At the top of the stack and the book having the best chance of hitting the cat will be Frank McCourt’s book, The Teacher Man. This is the first book of his I have read and it is becoming a personal favorite. Under it is a book written by Ralph Palmen, 8 Critical Lifetime Decisions. Anything Ralph writes is worth reading, he has wisdom worth passing on. Next is Trusting God by Jerry Bridges, I am not really reading this book but I pulled it off the shelf looking for some answer to some question. I don't really remember what that was about. Regardless here it sits waiting for the cat to walk by. Next comes a garage sale find, a used New American Standard Version of the Bible. What does that say about me when my Bible is buried four books deep, hmmm…. Next is a book on writing called Characters, Emotion and Viewpoint, by Kress. Under that is a novel I have tried three times to read called, The Gold of Exodus. Oh, look another Thrift Store find, Writing Fiction by Cassill. Oh, I can’t believe it; under this book is another Bible. I wonder how long it’s been since that one was read, let me blow the dust off it. Next is a book called, Three Mennonite Poets. Poetry is not my thing but I did read one of the poems. Next is a grammar book called Write Right. I guess it is a nice thought thinking I can learn some grammar at this time of my life. I have made little progress. The main problem to be quite frank is that the book is a bit boring – surprise! And at the very bottom is a book called, Blest Atheist, by Elizabeth Mahlou, written by a fellow blogger. It is her life story and a very interesting read. Elizabeth takes the reader through her depths of tragedy and back to the heights of human achievement. If you choose to read this book, get ready to laugh and cry within the same page and sometimes both at the same time. This book is not for the emotional weakling. I had to put it aside several times before I could pick it back up.

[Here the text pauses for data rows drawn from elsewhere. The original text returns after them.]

(* The set of $\mathcal{P}$-positions of the Wythoff variant with terminal set $T_5 = \{(x,y) \in \mathbb{Z}_{\ge 0}^2 : x+y \le 5\}$ is exactly $P_5 = T_5 \cup \{(b_n,a_n) : n \in \mathbb{N}\} \cup \{(a_n,b_n) : n \in \mathbb{N}\}$.
   Context: Positions are pairs $(x,y) \in \mathbb{Z}_{\ge 0}^2$. In the Wythoff variant with terminal set $T_5$, from a position $(x,y) \notin T_5$ a move goes to any position in $\{(u,y) : 0 \le u < x\} \cup \{(x,v) : 0 \le v < y\} \cup \{(x-t,y-t) : 1 \le t \le \min(x,y)\}$; positions in $T_5$ have no moves. Players alternate; a player with no move loses (the player who moves into $T_5$ wins). A $\mathcal{P}$-position is one from which the previous player wins with optimal play; equivalently a position is $\mathcal{P}$ iff every move from it leads to a non-$\mathcal{P}$ position. Sequences: Fibonacci numbers $F_1 = F_2 = 1$, $F_{i+2} = F_{i+1} + F_i$. Let $\sigma$ be the substitution on finite sequences over $\{1,2\}$ replacing each entry $1$ by $2$ and each entry $2$ by $2,1$. Let $C_{1,1} = (1)$, $C_{i+1,1} = \sigma(C_{i,1})$. For $i \in \mathbb{N}$ let $C_i$ be the concatenation of five copies of $C_{i,1}$. Let $(c_n)_{n \in \mathbb{N}}$ be the concatenation of $C_1, C_2, C_3, \dots$ in order, $d_n = c_n + 1$, $a_1 = 6$, $a_n = 6 + \sum_{i=1}^{n-1} c_i$, $b_1 = 12$, $b_n = 12 + \sum_{i=1}^{n-1} d_i$. *)

From mathcomp Require Import all_boot.
Set Implicit Arguments. Unset Strict Implicit. Unset Printing Implicit Defensive.

Definition inT5 (x y : nat) : bool := x + y <= 5.

(* P-positions, computed by recursion on a fuel bounding x + y:
   a position is P iff every move leads to a non-P position
   (positions in T_5 have no moves, hence are P). *)
Fixpoint isP_fuel (k x y : nat) {struct k} : bool :=
  match k with
  | 0 => true
  | k'.+1 =>
      inT5 x y ||
      [&& all (fun u => ~~ isP_fuel k' u y) (iota 0 x),
          all (fun v => ~~ isP_fuel k' x v) (iota 0 y)
        & all (fun t => ~~ isP_fuel k' (x - t) (y - t)) (iota 1 (minn x y))]
  end.

Definition isP (x y : nat) : bool := isP_fuel (x + y).+1 x y.

Definition sigma (s : seq nat) : seq nat :=
  flatten [seq (if e == 1 then [:: 2] else [:: 2; 1]) | e <- s].

Definition Ci1 (i : nat) : seq nat := iter i.-1 sigma [:: 1].

Definition Ci (i : nat) : seq nat := flatten (nseq 5 (Ci1 i)).

(* c_n (n >= 1) : the n-th entry of C_1 C_2 C_3 ...  ; the prefix C_1 ... C_n
   has length >= 5n >= n, so it suffices. *)
Definition c (n : nat) : nat := nth 0 (flatten [seq Ci i | i <- iota 1 n]) n.-1.
Definition d (n : nat) : nat := c n + 1.

Definition a (n : nat) : nat := 6 + \sum_(1 <= i < n) c i.
Definition b (n : nat) : nat := 12 + \sum_(1 <= i < n) d i.

From mathcomp Require Import all_boot.
From mathcomp Require Import zify.

(* The word c = C_1 C_2 ... satisfies c = 11111 sigma(c), so the image
   sigma(c_k) of the k-th letter starts at position a_k: hence c_(a_k) = 2, and
   c_(a_k + 1) = 1 whenever c_k = 2.  By induction b_k = a_(a_k) + 1, which lies
   strictly between a_(a_k) and a_(a_k + 1) = a_(a_k) + 2; so a and b partition
   the integers >= 6, with b_n - a_n = n + 5.  As in Wythoff's game, no move
   leads from one position of P_5 to another, while every other position
   outside T_5 has a move into P_5; so P_5 satisfies the recursion defining the
   P-positions, whose solution is unique. *)

Definition all12 (w : seq nat) : bool := all (fun e => (e == 1) || (e == 2)) w.

Lemma sigma_cat s t : sigma (s ++ t) = sigma s ++ sigma t.
Proof. by rewrite /sigma map_cat flatten_cat. Qed.

Lemma sigma_cons e s : sigma (e :: s) = sigma [:: e] ++ sigma s.
Proof. by rewrite -cat1s sigma_cat. Qed.

Lemma sigma_flatten ss : sigma (flatten ss) = flatten (map sigma ss).
Proof. by elim: ss => [|s ss IH] //=; rewrite sigma_cat IH. Qed.

Lemma nth_sigma1_0 e : nth 0 (sigma [:: e]) 0 = 2.
Proof. by rewrite /sigma /=; case: (e == 1). Qed.

Lemma all12_sigma w : all12 (sigma w).
Proof.
elim: w => [|e w IH] //; rewrite sigma_cons /all12 all_cat; apply/andP.
by split; [rewrite /sigma /=; case: (e == 1) | exact: IH].
Qed.

Lemma size_sigma w : all12 w -> size (sigma w) = sumn w.
Proof.
elim: w => [|e w IH] //= /andP [he hw]; rewrite sigma_cons size_cat IH //.
by case/orP: he => /eqP ->.
Qed.

Lemma size_sigma_ge w : size w <= size (sigma w).
Proof.
elim: w => [|e w IH] //; rewrite sigma_cons size_cat /=.
suff: 0 < size (sigma [:: e]) by lia.
by rewrite /sigma /=; case: (e == 1).
Qed.

Lemma nth_sigma w k j : all12 w -> k < size w -> j < nth 0 w k ->
  nth 0 (sigma w) (sumn (take k w) + j) = nth 0 (sigma [:: nth 0 w k]) j.
Proof.
move=> w12 hk hj; have wE := cat_take_drop k w; rewrite (drop_nth 0 hk) in wE.
move: w12; rewrite -{1}wE /all12 all_cat /= => /and3P [h12 hnth _].
rewrite -{1}wE sigma_cat nth_cat size_sigma // ltnNge leq_addr /= addKn.
by rewrite sigma_cons nth_cat size_sigma /= ?hnth // addn0 hj.
Qed.

Definition Cprefix (N : nat) : seq nat := flatten [seq Ci i | i <- iota 1 N].

Lemma sigma_Ci_iota m N : 0 < m ->
  sigma (flatten [seq Ci i | i <- iota m N]) = flatten [seq Ci i | i <- iota m.+1 N].
Proof.
elim: N m => [|N IH] [|m] // _ /=.
by rewrite sigma_cat IH // /Ci sigma_flatten map_nseq.
Qed.

Lemma CprefixS N : Cprefix N.+1 = nseq 5 1 ++ sigma (Cprefix N).
Proof. by rewrite /Cprefix sigma_Ci_iota. Qed.

Lemma all12_Cprefix N : all12 (Cprefix N).
Proof.
case: N => [|N] //; rewrite CprefixS /all12 all_cat; apply/andP.
by split; last exact: all12_sigma.
Qed.

Lemma size_Cprefix N : N <= size (Cprefix N).
Proof.
elim: N => [|N IH] //; rewrite CprefixS size_cat /=.
have := size_sigma_ge (Cprefix N); lia.
Qed.

Lemma Cprefix_prefix N k : exists t, Cprefix (N + k) = Cprefix N ++ t.
Proof.
elim: N => [|N [t IH]]; first by exists (Cprefix k).
by exists (sigma t); rewrite addSn !CprefixS IH sigma_cat catA.
Qed.

Lemma cE n N : 0 < n <= N -> c n = nth 0 (Cprefix N) n.-1.
Proof.
move=> /andP [n_gt0 leNn]; rewrite -(subnKC leNn).
have [t ->] := Cprefix_prefix n (N - n).
by rewrite /c nth_cat -/(Cprefix n) (leq_trans _ (size_Cprefix n)) ?prednK.
Qed.

Lemma c12 n : 0 < n -> c n = 1 \/ c n = 2.
Proof.
move=> n_gt0; rewrite (@cE n n); last by rewrite n_gt0 leqnn.
have hn : n.-1 < size (Cprefix n) by have := size_Cprefix n; lia.
have /allP /(_ _ (mem_nth 0 hn)) := all12_Cprefix n.
by case/orP => /eqP ->; [left|right].
Qed.

Lemma c_bounds n : 0 < n -> 1 <= c n <= 2.
Proof. by move=> /c12 [] ->. Qed.

Lemma c_small n : 0 < n <= 5 -> c n = 1.
Proof. by case: n => [|[|[|[|[|[|n]]]]]]. Qed.

(* Also at n = 0, where a 0 = a 1 and c 0 = 0 is a junk value. *)
Lemma aS n : a n.+1 = a n + c n.
Proof.
by case: n => [|n]; rewrite /a; [rewrite !big_geq | rewrite big_nat_recr //= addnA].
Qed.

Lemma a1 : a 1 = 6.
Proof. by rewrite /a big_geq. Qed.

Lemma bS n : 0 < n -> b n.+1 = b n + d n.
Proof. by move=> n_gt0; rewrite /b big_nat_recr //= addnA. Qed.

Lemma bE n : 0 < n -> b n = a n + n + 5.
Proof.
elim: n => [|[|n] IH] // _; first by rewrite /a /b !big_geq.
by rewrite aS bS // IH // /d; lia.
Qed.

Lemma a_addn n m : 0 < n -> a n + m <= a (n + m).
Proof.
move=> n_gt0; elim: m => [|m IH]; first by rewrite !addn0.
by rewrite !addnS aS; have := c_bounds (n + m) (ltn_addr m n_gt0); lia.
Qed.

Lemma a_ge n : 0 < n -> n + 5 <= a n.
Proof. by case: n => // n _; have := a_addn 1 n isT; rewrite a1 add1n; lia. Qed.

Lemma ltn_a n m : 0 < n -> n < m -> a n < a m.
Proof.
move=> n_gt0 ltnm; have := a_addn n (m - n) n_gt0.
by rewrite subnKC; [lia | exact: ltnW].
Qed.

Lemma leq_a n m : 0 < n -> n <= m -> a n <= a m.
Proof. by move=> n_gt0 lenm; have := a_addn n (m - n) n_gt0; rewrite subnKC //; lia. Qed.

Lemma a_inj n m : 0 < n -> 0 < m -> a n = a m -> n = m.
Proof.
move=> n_gt0 m_gt0 anm.
by case: (ltngtP n m) => // [/(ltn_a _ _ n_gt0)|/(ltn_a _ _ m_gt0)]; rewrite anm ltnn.
Qed.

Lemma a_prefix_sum k N : k <= N -> a k.+1 = 6 + sumn (take k (Cprefix N)).
Proof.
elim: k => [|k IH] hk; first by rewrite a1 take0.
have hkN : k < size (Cprefix N) by have := size_Cprefix N; lia.
by rewrite aS (IH (ltnW hk)) (take_nth 0 hkN) sumn_rcons (@cE k.+1 N) ?hk // addnA.
Qed.

Lemma c_block k j : 0 < k -> j < c k -> c (a k + j) = nth 0 (sigma [:: c k]) j.
Proof.
case: k => [|k] // _ hj; have ckS := c_bounds k.+1 isT.
have ak_ge := a_ge k.+1 isT.
set N := a k.+1 + 2.
have hkN : k < size (Cprefix N) by have := size_Cprefix N; lia.
have ckE : c k.+1 = nth 0 (Cprefix N) k by rewrite (@cE k.+1 N) //; lia.
set s := sumn (take k (Cprefix N)).
have akE : a k.+1 = 6 + s by apply: a_prefix_sum; lia.
rewrite (@cE _ N.+1); last by lia.
rewrite CprefixS nth_cat size_nseq ltnNge akE /=.
have -> : (6 + s + j).-1 - 5 = s + j by lia.
by rewrite ckE nth_sigma ?all12_Cprefix // -ckE.
Qed.

Lemma c_at_a k : 0 < k -> c (a k) = 2.
Proof.
move=> k_gt0; have := @c_block k 0 k_gt0; rewrite addn0 nth_sigma1_0; apply.
by have := c_bounds k k_gt0; lia.
Qed.

Lemma c_after_a k : 0 < k -> c k = 2 -> c (a k).+1 = 1.
Proof. by move=> k_gt0 ck2; rewrite -addn1 c_block // ck2. Qed.

Lemma a6 : a 6 = 11.
Proof. by rewrite (aS 5) (aS 4) (aS 3) (aS 2) (aS 1) a1 !c_small. Qed.

Lemma b_aa k : 0 < k -> b k = (a (a k)).+1.
Proof.
elim: k => [|[|k] IH] // _; first by rewrite a1 a6 /b big_geq.
have ak_gt0 : 0 < a k.+1 by have := a_ge k.+1 isT; lia.
rewrite bS // IH // /d (aS k.+1).
case: (c12 k.+1 isT) => ck; rewrite ck.
  by rewrite [a k.+1 + 1]addn1 (aS (a k.+1)) c_at_a; lia.
by rewrite [a k.+1 + 2]addn2 (aS (a k.+1).+1) (aS (a k.+1)) c_at_a // c_after_a //; lia.
Qed.

Lemma a_aS k : 0 < k -> a (a k).+1 = a (a k) + 2.
Proof. by move=> k_gt0; rewrite aS c_at_a. Qed.

Lemma a_neq_b n m : 0 < n -> 0 < m -> a n <> b m.
Proof.
move=> n_gt0 m_gt0; rewrite b_aa //; have := a_aS m m_gt0.
case: (leqP n (a m)) => [/(leq_a _ _ n_gt0)|/(leq_a (a m).+1 _ isT)]; lia.
Qed.

Lemma a_bracket x : 6 <= x -> exists2 n, 0 < n & a n <= x < a n.+1.
Proof.
elim: x => [|x IH] // x_ge6; case: (leqP 6 x) => [/IH [n n_gt0 /andP [anx xan]]|x_lt6].
  case: (ltnP x.+1 (a n.+1)) => xan'; first by exists n => //; lia.
  by exists n.+1 => //; have := ltn_a n.+1 n.+2 isT (ltnSn _); lia.
by exists 1 => //; rewrite (aS 1) a1; have := c_bounds 1 isT; lia.
Qed.

Lemma a_or_b x : 6 <= x ->
  (exists2 n, 0 < n & x = a n) \/ (exists2 m, 0 < m & x = b m).
Proof.
move=> /a_bracket [n n_gt0 /andP [anx]]; rewrite aS => xan.
case: (eqVneq x (a n)) => [->|x_neq]; [by left; exists n | right].
have cn2 : c n = 2 by have := c_bounds n n_gt0; lia.
have n_ge6 : 6 <= n by case: (leqP 6 n) => // n_lt6; move: cn2; rewrite c_small; lia.
have [k k_gt0 /andP [akn]] := a_bracket n n_ge6; rewrite aS => nak.
case: (eqVneq n (a k)) => [nE|n_neq]; first by exists k; rewrite // b_aa // -nE; lia.
have ck2 : c k = 2 by have := c_bounds k k_gt0; lia.
have nE : n = (a k).+1 by lia.
by move: cn2; rewrite nE c_after_a.
Qed.

Definition no_move_into (Q : nat -> nat -> Prop) (x y : nat) : Prop :=
  [/\ forall u, u < x -> ~ Q u y,
      forall v, v < y -> ~ Q x v &
      forall t, 0 < t <= minn x y -> ~ Q (x - t) (y - t)].

Definition P_rule (Q : nat -> nat -> Prop) : Prop :=
  forall x y, Q x y <-> x + y <= 5 \/ no_move_into Q x y.

Lemma isP_fuel_rule Q k x y : P_rule Q -> x + y < k -> isP_fuel k x y <-> Q x y.
Proof.
move=> Qrule; elim: k x y => [|k IH] x y // xy_lt.
have IHk u v : u + v < x + y -> isP_fuel k u v <-> Q u v.
  by move=> uv_le; apply: IH; lia.
rewrite Qrule /= /inT5; split.
  case/orP => [T5|/and3P [/allP hu /allP hv /allP ht]]; [by left | right; split].
  - move=> u ux; rewrite -IHk; last by lia.
    by apply/negP/hu; rewrite mem_iota.
  - move=> v vy; rewrite -IHk; last by lia.
    by apply/negP/hv; rewrite mem_iota.
  - move=> t tP; rewrite -IHk; last by lia.
    by apply/negP/ht; rewrite mem_iota; lia.
case=> [-> //|[hu hv ht]]; apply/orP; right; apply/and3P; split; apply/allP.
- move=> u; rewrite mem_iota => uP; apply/negP; rewrite IHk; last by lia.
  exact: hu.
- move=> v; rewrite mem_iota => vP; apply/negP; rewrite IHk; last by lia.
  exact: hv.
- move=> t; rewrite mem_iota => tP; apply/negP; rewrite IHk; last by lia.
  by apply: ht; lia.
Qed.

Lemma isP_rule Q : P_rule Q -> forall x y, isP x y <-> Q x y.
Proof. by move=> Qrule x y; apply: isP_fuel_rule. Qed.

Lemma no_move_intoC Q x y : (forall u v, Q u v -> Q v u) ->
  no_move_into Q x y -> no_move_into Q y x.
Proof.
move=> QC [hu hv ht]; split=> [u /hv + /QC | v /hu + /QC | t tP /QC] //.
by apply: ht; rewrite minnC.
Qed.

Definition P5 (x y : nat) : Prop :=
  x + y <= 5 \/
  exists n, 1 <= n /\ ((x, y) = (b n, a n) \/ (x, y) = (a n, b n)).

Lemma P5C x y : P5 x y -> P5 y x.
Proof.
case=> [xy_le|[n [n_gt0 [[-> ->]|[-> ->]]]]]; first by left; rewrite addnC.
  by right; exists n; split; [|right].
by right; exists n; split; [|left].
Qed.

Lemma b_inj n m : 0 < n -> 0 < m -> b n = b m -> n = m.
Proof.
move=> n_gt0 m_gt0; rewrite !bE //.
case: (ltngtP n m) => // [nm|mn].
  by have := ltn_a n m n_gt0 nm; lia.
by have := ltn_a m n m_gt0 mn; lia.
Qed.

Lemma P5_a n y : 0 < n -> P5 (a n) y -> y = b n.
Proof.
move=> n_gt0; have an_ge := a_ge n n_gt0.
case=> [|[m [m_gt0 [/pair_equal_spec [anm _]|/pair_equal_spec [anm ->]]]]]; first lia.
  by case: (a_neq_b n m n_gt0 m_gt0 anm).
by rewrite (a_inj n m n_gt0 m_gt0 anm).
Qed.

Lemma P5_b n y : 0 < n -> P5 (b n) y -> y = a n.
Proof.
move=> n_gt0; have an_ge := a_ge n n_gt0; have bnE := bE n n_gt0.
case=> [|[m [m_gt0 [/pair_equal_spec [bnm ->]|/pair_equal_spec [bna _]]]]]; first lia.
  by rewrite (b_inj n m n_gt0 m_gt0 bnm).
by case: (a_neq_b m n m_gt0 n_gt0 (esym bna)).
Qed.

Lemma no_move_from_ab n : 0 < n -> no_move_into P5 (a n) (b n).
Proof.
move=> n_gt0; have an_ge := a_ge n n_gt0; have bnE := bE n n_gt0.
split=> [u u_lt /P5C /(P5_b n _ n_gt0) | v v_lt /(P5_a n _ n_gt0) | t tP]; try lia.
case=> [|[m [m_gt0 [/pair_equal_spec [bm am]|/pair_equal_spec [am bm]]]]]; try lia.
- by have := bE m m_gt0; lia.
- have bmE := bE m m_gt0.
  have mn : m = n by lia.
  by move: am; rewrite mn; lia.
Qed.

Lemma P5_no_move x y : P5 x y -> 5 < x + y -> no_move_into P5 x y.
Proof.
case=> [|[n [n_gt0 [/pair_equal_spec [-> ->]|/pair_equal_spec [-> ->]]]]] xy_gt;
  first lia.
  exact: (no_move_intoC P5 _ _ P5C (no_move_from_ab n n_gt0)).
exact: no_move_from_ab.
Qed.

(* From (a_m, y) with a_m + 5 < y < b_m, the diagonal move to (a_j, b_j)
   with j = y - a_m - 5 < m keeps the difference y - a_m = j + 5. *)
Lemma P5_or_move x y : x <= y -> 5 < x + y -> P5 x y \/ ~ no_move_into P5 x y.
Proof.
move=> le_xy xy_gt; case: (leqP 6 x) => [x_ge6|x_lt6]; last first.
  by right; move=> [_ hv _]; apply: (hv (5 - x)); [lia | left; lia].
case: (a_or_b x x_ge6) le_xy xy_gt => [[m m_gt0 ->]|[m m_gt0 ->]] le_xy xy_gt;
  last first.
  right; move=> [_ hv _]; apply: (hv (a m)); first by have := bE m m_gt0; lia.
  by right; exists m; split; [|left].
have bmE := bE m m_gt0.
case: (ltngtP y (b m)) => [y_lt|y_gt|->].
- right; move=> [_ _ ht]; case: (leqP (y - a m) 5) => [k_le|k_gt].
    by apply: (ht (a m)); [lia | left; lia].
  have [j yE] : exists j, y = a m + j + 5 by exists (y - a m - 5); lia.
  have j_gt0 : 0 < j by lia.
  have j_lt : j < m by lia.
  have ajm := ltn_a j m j_gt0 j_lt; have bjE := bE j j_gt0.
  apply: (ht (a m - a j)); first lia.
  by right; exists j; split; [|right; congr pair; lia].
- by right; move=> [_ hv _]; apply: (hv (b m) y_gt); right; exists m; split; [|right].
- by left; right; exists m; split; [|right].
Qed.

Lemma P5_rule : P_rule P5.
Proof.
move=> x y; case: (leqP (x + y) 5) => [xy_le|xy_gt]; first by split=> _; left.
split=> [/P5_no_move /(_ xy_gt)|[|no_move]]; [by right | lia |].
case: (leqP x y) => [le_xy|/ltnW le_yx]; first by case: (P5_or_move x y le_xy xy_gt).
have := no_move_intoC P5 x y P5C no_move.
by case: (P5_or_move y x le_yx); [lia | move/P5C | ].
Qed.

Theorem theorem4p9 (x y : nat) :
  isP x y <->
  (x + y <= 5 \/
   exists n, 1 <= n /\ ((x, y) = (b n, a n) \/ (x, y) = (a n, b n))).
Proof. exact: isP_rule P5_rule x y. Qed.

Stack number two – the short stack – the active stack, first is ‘Finding God’, by Larry Crabb. This is one of those books that you can read, pick it up a couple years later and get something new from it. This is probably at least the third time it has taken space on my night stand and I am sure it will be back for several more visits before my days have ended, Lord willing. Next is a Bible I actually read now and then, who woulda’ thunk?
Lastly is a novel by Susan Howatch, a favorite author of my wife’s. Ms. Howatch has yet to draw me into her vortex of fans. My first attempt at Howatch was a few years back, after reading four pages and having to go to the dictionary eight times in four pages, our dear Susan, kinda’ ticked me off – write a set or two lower please. So, I just put her back on the shelf and decided she did not intend for me to be included in her key demographic audience. I am going to give Howatch one more try – I don’t want to hold a grudge.
Well that’s pretty much it. My night stand is now cleaned off and ready for some new additions. The cat is safe, don’t worry Choco.
Thank you for your help, I will always take help with tidying up. As usual you are the best.
Thanks for reading all the way to the end.